* [WORK REQUIRED]: From the entries that follow, copy each line in which "exfalso" appears.
---------- DATA ----------
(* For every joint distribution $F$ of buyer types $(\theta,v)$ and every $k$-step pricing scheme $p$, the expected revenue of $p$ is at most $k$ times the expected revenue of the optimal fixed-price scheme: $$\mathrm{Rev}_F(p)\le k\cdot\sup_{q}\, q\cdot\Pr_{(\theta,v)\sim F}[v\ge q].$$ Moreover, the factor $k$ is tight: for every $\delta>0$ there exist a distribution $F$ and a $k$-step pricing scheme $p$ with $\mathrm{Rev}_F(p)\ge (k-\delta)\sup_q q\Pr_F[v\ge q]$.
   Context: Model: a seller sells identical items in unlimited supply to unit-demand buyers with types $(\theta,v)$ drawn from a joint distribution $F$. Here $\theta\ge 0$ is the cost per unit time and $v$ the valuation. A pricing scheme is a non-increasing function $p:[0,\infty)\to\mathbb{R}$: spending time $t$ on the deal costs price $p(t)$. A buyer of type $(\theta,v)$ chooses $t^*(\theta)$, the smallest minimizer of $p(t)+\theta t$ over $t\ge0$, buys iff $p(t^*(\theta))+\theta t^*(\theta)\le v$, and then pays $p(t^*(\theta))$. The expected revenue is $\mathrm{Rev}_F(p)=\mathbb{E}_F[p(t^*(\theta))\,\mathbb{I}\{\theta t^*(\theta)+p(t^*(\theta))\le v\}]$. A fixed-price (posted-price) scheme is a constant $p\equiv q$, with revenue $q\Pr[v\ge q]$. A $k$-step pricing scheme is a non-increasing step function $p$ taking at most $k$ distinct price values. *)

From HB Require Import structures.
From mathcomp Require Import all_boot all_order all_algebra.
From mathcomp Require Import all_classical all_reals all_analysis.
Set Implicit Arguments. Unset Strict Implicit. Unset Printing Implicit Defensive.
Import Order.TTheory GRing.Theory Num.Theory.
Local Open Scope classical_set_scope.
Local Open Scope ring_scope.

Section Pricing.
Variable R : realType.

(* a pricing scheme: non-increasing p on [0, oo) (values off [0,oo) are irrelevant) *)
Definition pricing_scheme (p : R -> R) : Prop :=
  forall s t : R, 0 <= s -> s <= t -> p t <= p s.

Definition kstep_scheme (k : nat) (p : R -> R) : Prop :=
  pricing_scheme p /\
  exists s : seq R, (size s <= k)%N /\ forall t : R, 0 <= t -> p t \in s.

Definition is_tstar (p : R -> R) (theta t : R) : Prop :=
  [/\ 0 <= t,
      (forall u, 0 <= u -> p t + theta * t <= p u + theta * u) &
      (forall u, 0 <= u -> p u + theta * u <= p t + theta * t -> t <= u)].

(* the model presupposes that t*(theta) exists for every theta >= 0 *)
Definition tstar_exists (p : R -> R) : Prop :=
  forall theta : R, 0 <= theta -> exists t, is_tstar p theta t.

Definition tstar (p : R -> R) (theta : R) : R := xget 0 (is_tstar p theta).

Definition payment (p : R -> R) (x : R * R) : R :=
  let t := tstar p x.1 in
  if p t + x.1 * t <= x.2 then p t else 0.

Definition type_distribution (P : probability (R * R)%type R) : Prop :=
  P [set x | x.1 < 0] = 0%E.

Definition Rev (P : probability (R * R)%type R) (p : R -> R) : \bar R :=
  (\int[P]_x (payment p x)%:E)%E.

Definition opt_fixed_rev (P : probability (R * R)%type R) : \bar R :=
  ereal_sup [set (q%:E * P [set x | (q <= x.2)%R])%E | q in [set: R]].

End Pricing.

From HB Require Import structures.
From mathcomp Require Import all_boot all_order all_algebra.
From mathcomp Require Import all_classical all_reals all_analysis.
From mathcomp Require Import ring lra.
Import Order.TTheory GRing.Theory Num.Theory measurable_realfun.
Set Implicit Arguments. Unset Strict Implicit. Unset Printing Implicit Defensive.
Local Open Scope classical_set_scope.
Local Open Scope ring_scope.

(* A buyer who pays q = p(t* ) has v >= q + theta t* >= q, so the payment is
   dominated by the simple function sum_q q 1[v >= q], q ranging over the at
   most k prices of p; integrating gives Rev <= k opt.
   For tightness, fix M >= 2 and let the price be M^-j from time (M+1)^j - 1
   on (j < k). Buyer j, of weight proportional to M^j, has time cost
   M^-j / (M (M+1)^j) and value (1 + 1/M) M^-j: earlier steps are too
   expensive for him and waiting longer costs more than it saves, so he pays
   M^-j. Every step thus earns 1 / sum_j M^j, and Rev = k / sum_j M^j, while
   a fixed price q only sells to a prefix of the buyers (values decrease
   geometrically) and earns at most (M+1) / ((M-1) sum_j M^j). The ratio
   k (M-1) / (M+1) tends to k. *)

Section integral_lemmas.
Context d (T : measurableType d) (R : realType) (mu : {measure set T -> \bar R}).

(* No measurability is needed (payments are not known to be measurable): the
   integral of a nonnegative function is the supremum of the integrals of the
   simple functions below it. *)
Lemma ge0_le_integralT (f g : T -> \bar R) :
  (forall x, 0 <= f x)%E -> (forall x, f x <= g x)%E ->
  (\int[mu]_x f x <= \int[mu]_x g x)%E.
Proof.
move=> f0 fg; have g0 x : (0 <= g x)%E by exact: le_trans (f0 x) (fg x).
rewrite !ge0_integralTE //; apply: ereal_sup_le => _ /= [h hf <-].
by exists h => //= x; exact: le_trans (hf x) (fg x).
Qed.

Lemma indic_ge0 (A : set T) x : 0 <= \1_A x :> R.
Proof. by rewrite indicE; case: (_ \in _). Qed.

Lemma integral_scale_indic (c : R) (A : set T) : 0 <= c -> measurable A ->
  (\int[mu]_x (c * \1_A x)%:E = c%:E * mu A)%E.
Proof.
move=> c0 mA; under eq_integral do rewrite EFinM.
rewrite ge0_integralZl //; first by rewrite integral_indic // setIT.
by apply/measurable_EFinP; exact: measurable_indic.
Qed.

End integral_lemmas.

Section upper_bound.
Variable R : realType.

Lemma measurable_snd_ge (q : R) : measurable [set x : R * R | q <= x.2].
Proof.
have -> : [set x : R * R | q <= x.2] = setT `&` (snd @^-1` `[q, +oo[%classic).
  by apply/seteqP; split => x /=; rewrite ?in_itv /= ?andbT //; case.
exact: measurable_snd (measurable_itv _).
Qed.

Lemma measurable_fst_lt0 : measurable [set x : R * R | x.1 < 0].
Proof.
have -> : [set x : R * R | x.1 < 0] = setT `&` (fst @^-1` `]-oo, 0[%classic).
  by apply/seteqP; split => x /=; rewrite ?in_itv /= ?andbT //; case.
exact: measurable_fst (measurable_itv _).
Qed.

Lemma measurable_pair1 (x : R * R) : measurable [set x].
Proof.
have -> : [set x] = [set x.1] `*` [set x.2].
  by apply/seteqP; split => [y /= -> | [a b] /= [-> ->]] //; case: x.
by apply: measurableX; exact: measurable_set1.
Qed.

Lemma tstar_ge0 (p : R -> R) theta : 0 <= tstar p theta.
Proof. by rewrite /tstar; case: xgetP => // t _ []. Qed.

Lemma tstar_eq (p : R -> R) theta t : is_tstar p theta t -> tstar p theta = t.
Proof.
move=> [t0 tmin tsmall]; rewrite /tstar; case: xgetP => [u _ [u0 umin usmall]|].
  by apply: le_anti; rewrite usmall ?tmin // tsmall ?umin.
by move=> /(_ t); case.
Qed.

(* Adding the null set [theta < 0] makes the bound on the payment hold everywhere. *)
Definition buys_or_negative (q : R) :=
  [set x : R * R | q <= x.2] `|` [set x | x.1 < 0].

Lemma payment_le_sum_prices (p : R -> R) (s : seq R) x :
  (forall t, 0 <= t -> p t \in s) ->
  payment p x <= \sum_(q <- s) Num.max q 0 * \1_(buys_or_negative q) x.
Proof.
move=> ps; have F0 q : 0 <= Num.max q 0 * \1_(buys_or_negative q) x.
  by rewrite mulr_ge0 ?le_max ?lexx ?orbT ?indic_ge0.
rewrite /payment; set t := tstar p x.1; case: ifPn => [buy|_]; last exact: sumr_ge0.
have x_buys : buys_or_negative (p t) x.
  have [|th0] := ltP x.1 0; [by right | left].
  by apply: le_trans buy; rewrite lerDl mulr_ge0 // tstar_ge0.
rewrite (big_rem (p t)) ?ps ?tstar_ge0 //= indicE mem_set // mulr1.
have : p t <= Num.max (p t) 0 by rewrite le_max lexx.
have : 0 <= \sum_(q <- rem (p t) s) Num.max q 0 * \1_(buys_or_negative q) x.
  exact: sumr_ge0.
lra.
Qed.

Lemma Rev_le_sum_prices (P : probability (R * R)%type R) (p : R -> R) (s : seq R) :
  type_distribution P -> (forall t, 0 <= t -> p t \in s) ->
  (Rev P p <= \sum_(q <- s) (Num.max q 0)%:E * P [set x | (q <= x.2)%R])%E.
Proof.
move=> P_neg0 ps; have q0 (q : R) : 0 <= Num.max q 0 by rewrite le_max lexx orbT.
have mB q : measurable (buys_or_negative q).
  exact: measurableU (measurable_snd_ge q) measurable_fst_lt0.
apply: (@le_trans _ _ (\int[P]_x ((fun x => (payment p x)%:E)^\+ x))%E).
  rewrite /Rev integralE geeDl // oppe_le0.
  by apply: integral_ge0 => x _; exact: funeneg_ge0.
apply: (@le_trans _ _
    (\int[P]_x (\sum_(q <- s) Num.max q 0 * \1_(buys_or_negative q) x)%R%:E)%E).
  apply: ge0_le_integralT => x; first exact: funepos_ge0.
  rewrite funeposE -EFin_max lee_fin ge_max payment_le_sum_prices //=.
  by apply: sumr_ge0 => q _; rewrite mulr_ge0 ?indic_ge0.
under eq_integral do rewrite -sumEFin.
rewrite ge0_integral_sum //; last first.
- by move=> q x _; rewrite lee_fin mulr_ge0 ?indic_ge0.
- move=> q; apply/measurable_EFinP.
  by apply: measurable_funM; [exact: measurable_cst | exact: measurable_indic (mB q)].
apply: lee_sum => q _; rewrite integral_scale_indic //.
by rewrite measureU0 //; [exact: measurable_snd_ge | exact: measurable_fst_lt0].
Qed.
----------
---------- DATA ----------
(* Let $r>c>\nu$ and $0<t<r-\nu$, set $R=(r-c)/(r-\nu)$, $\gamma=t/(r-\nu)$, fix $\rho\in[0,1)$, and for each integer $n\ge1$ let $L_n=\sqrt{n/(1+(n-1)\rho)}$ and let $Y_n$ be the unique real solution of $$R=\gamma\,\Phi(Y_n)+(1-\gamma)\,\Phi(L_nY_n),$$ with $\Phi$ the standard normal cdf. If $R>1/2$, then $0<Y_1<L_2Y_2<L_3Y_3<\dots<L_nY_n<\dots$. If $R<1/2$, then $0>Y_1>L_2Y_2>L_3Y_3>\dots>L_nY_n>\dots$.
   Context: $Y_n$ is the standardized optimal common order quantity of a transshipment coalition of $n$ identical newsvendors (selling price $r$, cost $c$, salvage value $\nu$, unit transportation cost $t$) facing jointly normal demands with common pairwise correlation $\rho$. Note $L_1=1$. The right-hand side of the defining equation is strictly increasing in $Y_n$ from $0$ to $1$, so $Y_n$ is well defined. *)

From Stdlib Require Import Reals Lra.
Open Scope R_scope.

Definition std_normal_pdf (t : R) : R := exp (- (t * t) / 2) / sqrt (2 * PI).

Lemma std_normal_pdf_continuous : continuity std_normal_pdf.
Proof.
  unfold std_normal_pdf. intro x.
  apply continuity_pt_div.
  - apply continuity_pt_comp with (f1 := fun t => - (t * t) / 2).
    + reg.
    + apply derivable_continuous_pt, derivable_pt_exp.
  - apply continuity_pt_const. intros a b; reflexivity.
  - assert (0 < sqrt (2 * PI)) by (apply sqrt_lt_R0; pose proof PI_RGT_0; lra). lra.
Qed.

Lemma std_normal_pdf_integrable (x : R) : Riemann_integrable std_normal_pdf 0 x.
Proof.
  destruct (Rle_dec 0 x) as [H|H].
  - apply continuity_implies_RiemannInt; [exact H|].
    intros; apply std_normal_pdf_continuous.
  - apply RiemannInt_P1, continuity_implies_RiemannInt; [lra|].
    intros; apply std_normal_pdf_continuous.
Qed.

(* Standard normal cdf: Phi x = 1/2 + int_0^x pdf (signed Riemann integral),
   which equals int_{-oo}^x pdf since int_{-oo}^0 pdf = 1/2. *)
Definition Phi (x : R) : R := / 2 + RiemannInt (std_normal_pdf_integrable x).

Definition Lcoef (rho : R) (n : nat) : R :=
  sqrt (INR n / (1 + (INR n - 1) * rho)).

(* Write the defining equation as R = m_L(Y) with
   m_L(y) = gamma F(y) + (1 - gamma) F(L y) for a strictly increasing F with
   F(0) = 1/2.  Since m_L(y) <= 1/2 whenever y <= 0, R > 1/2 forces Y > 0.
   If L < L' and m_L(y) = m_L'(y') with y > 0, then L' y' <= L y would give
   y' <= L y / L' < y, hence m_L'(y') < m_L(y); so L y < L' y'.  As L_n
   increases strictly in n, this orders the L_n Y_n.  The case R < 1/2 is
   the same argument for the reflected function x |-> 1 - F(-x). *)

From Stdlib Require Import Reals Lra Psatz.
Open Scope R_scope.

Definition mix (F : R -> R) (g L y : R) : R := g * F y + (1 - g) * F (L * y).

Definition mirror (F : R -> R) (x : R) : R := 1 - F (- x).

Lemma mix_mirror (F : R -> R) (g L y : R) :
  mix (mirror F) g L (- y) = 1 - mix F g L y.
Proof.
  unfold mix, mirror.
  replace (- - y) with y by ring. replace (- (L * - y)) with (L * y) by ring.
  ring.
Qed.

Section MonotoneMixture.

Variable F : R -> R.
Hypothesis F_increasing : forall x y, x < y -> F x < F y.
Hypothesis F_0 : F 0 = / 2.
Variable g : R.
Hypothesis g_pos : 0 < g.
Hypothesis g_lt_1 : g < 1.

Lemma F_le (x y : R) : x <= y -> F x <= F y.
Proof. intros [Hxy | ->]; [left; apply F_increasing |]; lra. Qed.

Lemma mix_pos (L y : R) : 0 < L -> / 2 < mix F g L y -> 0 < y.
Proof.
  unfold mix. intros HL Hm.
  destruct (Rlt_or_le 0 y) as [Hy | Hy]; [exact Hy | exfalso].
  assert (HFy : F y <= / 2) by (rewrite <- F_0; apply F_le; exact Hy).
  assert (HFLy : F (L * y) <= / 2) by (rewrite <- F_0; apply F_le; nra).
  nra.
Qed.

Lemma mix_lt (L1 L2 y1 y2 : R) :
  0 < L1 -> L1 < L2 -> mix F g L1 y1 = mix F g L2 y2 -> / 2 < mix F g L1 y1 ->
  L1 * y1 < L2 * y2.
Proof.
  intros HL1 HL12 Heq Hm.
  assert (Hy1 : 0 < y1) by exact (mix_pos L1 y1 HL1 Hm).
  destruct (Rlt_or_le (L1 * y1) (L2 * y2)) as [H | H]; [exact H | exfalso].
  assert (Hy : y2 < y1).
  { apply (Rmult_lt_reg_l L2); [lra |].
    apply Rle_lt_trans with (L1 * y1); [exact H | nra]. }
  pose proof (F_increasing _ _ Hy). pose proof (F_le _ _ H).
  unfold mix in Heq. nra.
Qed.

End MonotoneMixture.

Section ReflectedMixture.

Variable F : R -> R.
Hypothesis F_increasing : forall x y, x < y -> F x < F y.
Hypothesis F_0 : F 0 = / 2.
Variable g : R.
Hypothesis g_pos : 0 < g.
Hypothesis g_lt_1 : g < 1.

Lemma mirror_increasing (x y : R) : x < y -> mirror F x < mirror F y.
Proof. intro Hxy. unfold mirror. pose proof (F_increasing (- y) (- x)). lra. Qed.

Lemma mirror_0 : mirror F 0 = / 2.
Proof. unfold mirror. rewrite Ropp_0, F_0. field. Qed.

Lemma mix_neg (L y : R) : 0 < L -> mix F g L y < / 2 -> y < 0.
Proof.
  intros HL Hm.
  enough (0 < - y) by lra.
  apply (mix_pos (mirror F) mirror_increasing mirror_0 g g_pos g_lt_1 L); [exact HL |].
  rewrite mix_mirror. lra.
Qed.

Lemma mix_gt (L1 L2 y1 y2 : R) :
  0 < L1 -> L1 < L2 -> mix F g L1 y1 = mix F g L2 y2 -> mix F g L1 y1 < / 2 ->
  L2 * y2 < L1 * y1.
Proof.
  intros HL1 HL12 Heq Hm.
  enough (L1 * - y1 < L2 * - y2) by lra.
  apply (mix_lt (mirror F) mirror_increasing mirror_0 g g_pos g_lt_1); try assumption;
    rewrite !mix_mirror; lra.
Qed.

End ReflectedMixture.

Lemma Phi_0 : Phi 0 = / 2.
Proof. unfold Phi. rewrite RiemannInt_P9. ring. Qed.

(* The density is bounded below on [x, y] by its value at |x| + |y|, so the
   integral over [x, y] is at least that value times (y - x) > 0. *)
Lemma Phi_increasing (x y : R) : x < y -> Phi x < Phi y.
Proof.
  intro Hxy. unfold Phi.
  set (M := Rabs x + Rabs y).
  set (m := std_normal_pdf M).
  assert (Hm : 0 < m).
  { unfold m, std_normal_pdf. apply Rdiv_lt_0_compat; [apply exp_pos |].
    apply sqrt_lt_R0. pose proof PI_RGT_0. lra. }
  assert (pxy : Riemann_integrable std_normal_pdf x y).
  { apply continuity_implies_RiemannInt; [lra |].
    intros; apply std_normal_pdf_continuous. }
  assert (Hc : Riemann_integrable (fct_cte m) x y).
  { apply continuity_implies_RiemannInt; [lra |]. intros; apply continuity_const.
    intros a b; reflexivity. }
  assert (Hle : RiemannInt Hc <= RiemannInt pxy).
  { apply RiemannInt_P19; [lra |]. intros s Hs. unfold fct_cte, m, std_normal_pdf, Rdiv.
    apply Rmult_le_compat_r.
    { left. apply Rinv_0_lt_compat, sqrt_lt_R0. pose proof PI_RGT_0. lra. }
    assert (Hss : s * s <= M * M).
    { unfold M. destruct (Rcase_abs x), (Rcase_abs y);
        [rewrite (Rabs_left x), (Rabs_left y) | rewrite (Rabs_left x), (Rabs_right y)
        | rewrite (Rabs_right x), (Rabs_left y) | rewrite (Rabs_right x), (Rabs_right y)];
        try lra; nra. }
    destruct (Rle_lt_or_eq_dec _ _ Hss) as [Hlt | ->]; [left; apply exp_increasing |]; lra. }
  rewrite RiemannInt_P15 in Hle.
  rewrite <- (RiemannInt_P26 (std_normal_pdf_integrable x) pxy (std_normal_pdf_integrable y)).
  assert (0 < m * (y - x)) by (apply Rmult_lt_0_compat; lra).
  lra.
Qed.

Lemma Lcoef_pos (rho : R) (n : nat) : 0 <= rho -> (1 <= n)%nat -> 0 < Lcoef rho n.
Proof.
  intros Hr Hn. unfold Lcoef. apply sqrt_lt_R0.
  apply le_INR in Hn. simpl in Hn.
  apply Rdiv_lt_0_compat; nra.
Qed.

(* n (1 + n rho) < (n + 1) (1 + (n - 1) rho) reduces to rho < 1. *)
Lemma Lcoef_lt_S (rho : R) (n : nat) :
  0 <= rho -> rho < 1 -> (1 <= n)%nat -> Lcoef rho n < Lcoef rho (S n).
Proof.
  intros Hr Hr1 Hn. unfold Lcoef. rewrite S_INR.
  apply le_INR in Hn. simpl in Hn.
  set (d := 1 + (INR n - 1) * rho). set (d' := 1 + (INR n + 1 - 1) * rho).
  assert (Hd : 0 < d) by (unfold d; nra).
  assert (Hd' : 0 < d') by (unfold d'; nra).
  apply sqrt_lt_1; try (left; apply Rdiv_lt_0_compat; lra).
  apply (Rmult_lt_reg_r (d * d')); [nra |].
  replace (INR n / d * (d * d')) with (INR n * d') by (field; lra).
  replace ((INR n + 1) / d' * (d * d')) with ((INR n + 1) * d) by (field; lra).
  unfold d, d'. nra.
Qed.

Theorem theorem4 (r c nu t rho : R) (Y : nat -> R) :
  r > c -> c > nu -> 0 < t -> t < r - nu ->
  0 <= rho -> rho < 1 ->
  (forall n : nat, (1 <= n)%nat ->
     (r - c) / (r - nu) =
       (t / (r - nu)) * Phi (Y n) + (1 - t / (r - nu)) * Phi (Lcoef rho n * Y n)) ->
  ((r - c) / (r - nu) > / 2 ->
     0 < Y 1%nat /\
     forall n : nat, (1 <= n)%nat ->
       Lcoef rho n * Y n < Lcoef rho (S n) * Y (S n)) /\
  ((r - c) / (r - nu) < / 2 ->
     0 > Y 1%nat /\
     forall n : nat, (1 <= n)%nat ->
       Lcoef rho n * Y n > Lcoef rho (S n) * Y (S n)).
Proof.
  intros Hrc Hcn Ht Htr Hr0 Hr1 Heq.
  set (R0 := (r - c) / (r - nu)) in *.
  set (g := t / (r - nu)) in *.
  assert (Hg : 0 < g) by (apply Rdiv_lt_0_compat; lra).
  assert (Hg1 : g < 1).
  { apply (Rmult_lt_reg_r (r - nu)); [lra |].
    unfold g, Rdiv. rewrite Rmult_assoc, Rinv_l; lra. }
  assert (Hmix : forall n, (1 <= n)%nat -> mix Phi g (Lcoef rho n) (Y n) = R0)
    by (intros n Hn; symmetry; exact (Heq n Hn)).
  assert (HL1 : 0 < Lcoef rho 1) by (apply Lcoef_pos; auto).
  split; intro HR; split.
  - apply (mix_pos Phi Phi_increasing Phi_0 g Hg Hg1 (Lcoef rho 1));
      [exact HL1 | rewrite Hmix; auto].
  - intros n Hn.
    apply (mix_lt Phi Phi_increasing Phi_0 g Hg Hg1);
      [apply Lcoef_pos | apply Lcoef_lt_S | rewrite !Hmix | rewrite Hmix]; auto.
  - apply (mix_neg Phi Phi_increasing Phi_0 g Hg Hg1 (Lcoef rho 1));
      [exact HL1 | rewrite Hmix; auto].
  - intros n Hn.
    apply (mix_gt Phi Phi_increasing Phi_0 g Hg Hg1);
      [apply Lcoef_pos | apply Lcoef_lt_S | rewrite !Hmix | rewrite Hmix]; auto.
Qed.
----------
---------- DATA ----------
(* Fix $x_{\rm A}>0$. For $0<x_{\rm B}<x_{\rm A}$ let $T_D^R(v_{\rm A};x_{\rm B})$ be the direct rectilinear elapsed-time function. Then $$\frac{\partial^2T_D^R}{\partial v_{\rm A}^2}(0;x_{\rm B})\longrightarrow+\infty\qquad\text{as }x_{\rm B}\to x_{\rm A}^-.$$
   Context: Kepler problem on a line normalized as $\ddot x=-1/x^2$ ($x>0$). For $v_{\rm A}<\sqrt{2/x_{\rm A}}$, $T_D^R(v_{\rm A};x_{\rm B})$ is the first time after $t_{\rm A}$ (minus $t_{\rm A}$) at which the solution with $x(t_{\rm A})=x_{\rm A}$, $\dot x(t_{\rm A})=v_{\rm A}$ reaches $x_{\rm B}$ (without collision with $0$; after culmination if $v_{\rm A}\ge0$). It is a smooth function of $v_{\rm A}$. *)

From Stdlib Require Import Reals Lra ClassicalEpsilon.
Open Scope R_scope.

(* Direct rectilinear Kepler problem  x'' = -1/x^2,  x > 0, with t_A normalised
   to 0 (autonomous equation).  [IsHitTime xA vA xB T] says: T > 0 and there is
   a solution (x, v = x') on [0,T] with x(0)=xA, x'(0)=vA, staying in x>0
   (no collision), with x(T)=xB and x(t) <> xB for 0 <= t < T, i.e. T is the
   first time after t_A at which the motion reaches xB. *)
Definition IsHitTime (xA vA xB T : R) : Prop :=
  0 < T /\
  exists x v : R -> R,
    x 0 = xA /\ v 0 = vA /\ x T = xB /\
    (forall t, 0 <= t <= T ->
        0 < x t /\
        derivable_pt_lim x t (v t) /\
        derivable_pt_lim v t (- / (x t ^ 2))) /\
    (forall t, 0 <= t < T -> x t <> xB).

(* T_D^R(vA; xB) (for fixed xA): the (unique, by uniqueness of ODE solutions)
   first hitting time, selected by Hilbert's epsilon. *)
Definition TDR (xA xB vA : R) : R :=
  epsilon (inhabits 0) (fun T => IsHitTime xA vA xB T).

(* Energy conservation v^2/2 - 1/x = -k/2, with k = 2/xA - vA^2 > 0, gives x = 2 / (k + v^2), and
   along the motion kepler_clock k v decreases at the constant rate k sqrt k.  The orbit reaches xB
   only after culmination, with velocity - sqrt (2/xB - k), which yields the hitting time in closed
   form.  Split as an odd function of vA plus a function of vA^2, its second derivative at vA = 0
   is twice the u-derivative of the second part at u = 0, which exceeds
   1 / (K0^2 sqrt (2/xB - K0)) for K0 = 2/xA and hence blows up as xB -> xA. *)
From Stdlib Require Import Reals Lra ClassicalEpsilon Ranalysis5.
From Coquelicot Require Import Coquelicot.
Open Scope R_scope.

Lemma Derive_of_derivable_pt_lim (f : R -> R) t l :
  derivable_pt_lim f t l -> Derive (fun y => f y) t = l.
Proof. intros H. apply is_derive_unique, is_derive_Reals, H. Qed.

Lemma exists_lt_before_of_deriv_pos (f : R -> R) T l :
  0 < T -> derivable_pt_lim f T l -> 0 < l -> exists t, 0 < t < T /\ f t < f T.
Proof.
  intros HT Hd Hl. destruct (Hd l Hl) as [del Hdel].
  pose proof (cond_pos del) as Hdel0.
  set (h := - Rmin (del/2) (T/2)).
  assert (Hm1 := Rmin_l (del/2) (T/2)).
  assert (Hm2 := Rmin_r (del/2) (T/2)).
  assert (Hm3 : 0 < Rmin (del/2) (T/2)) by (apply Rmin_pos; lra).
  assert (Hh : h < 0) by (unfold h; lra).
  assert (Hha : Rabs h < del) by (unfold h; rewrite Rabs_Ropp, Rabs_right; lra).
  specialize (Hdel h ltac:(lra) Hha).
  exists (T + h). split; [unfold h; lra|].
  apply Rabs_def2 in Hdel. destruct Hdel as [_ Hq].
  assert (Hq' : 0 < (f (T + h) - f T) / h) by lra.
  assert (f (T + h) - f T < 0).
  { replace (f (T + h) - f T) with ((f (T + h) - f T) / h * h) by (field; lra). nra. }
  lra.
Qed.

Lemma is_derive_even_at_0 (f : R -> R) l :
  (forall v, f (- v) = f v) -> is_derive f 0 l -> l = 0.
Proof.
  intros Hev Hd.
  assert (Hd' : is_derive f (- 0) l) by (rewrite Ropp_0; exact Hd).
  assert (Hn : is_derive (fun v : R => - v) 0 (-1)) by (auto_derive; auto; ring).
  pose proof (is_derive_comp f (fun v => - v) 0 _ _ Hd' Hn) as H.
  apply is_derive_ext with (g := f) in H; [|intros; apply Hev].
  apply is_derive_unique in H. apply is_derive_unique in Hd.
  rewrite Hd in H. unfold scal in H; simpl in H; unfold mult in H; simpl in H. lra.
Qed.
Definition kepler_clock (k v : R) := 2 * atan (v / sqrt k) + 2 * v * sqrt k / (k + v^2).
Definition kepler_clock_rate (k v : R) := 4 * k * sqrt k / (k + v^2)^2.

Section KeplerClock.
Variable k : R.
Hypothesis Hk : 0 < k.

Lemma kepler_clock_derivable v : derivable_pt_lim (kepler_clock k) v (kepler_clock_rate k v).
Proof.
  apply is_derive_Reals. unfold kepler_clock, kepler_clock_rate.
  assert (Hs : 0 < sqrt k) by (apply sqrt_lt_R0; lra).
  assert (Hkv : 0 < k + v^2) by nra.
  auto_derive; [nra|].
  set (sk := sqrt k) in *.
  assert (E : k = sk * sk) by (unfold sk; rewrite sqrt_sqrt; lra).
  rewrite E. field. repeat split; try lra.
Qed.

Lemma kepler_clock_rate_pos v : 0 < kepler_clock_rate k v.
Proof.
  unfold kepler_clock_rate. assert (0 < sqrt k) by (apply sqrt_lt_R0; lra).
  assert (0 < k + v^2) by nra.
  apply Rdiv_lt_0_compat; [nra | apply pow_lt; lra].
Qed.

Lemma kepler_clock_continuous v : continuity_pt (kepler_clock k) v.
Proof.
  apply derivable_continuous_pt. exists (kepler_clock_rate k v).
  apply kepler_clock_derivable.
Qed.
----------
* [RESULT]:
  destruct (Rlt_or_le 0 y) as [Hy | Hy]; [exact Hy | exfalso].
  destruct (Rlt_or_le (L1 * y1) (L2 * y2)) as [H | H]; [exact H | exfalso].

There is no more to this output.